Erez, Olga and their team, have created Hi-C library from 44 samples of the genus Schistocerca from Hojun’s ethanol collection. We want to use the common SNPs from these species to assess the phylogenetic relationship of Schistocerca using genome-wide variants.

[ASK OLGA TO ADD MORE DETAILS ABOUT SEQUENCING AND READS PREPROCESSING]. The reads were then mapped against S. piceifrons genome and hard filtered using Dragen at BCM.

From the vcf header we can see that Dragen, a variant call

DRAGENCommandLine=<ID=HashTableBuild,Version="SW: 01.003.044.3.10.11, HashTableVersion: 8",
CommandLineOptions="dragen --build-hash-table true --ht-num-threads 40 --ht-mem-limit 32Gb --ht-reference ./reference/GCF_021461385.2_iqSchPice1.1_genomic.fna --output-dir ./reference"

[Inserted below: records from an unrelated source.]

Lemma restr_move_slice m a b :
  slice a b \in Cset n k m -> restr_move m (slice a b) = slice (rev_ord b) a.
Proof. by move=> abC; rewrite restr_moveE abC move_slice. Qed.

Lemma restr_move_moved m x : restr_move m x != x ->
  exists a b, x = slice a b /\
    [&& special a, special b, admissible & t + extreme a + extreme b == m].
Proof.
rewrite restr_moveE move_funE; case: ifP => [xC|]; last by rewrite eqxx.
case: ifP => [/in_sliceP xE _|]; last by rewrite eqxx.
by exists (x i), (x j); rewrite -mem_Cset_slice -xE.
Qed.

Lemma odd_restr_move_SS : admissible -> odd_perm (restr_move t.+2).
Proof.
move=> adm.
apply: (@odd_perm_4cycle _ _ (slice lo lo) (slice hi lo) (slice hi hi) (slice lo hi));
  rewrite ?restr_move_slice ?mem_Cset_slice ?adm ?special_values ?extreme_values
          ?rev_hi ?addn1 ?eqxx //.
- by rewrite /= !inE !slice_eq !special_eqF ?eqxx.
move=> x /restr_move_moved[a [b [-> /and4P[sa sb _ tE]]]].
move: sa sb tE; rewrite /special !inE => /or3P[]/eqP-> /or3P[]/eqP->;
  rewrite ?extreme_values //= ?inE ?eqxx ?orbT //; lia.
Qed.

Lemma odd_restr_move_S : admissible -> odd_perm (restr_move t.+1).
Proof.
move=> adm.
apply: (@odd_perm_4cycle _ _ (slice lo mid) (slice mid lo) (slice hi mid) (slice mid hi));
  rewrite ?restr_move_slice ?mem_Cset_slice ?adm ?special_values ?extreme_values
          ?rev_mid ?rev_hi ?addn0 ?addn1 ?eqxx //.
- by rewrite /= !inE !slice_eq !special_eqF ?eqxx.
move=> x /restr_move_moved[a [b [-> /and4P[sa sb _ tE]]]].
move: sa sb tE; rewrite /special !inE => /or3P[]/eqP-> /or3P[]/eqP->;
  rewrite ?extreme_values //= ?inE ?eqxx ?orbT //; lia.
Qed.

DRAGENCommandLine=<ID=dragen,Version="SW: 07.021.624.3.10.11, HW: 07.021.624",Date="Mon Feb 10 16:06:12 CST 2025",
CommandLineOptions="-r ./reference --fastq-list all_fastq.csv --fastq-list-sample-id HIC17106 --output-directory ./vc_HIC17106 --output-file-prefix HIC17106 --enable-auto-multifile false --combine-samples-by-name false --enable-map-align true --enable-sort false --enable-variant-caller true --enable-duplicate-marking true --enable-map-align-output false --output-format bam --Aligner.unpaired-pen=0 --enable-vcf-indexing false"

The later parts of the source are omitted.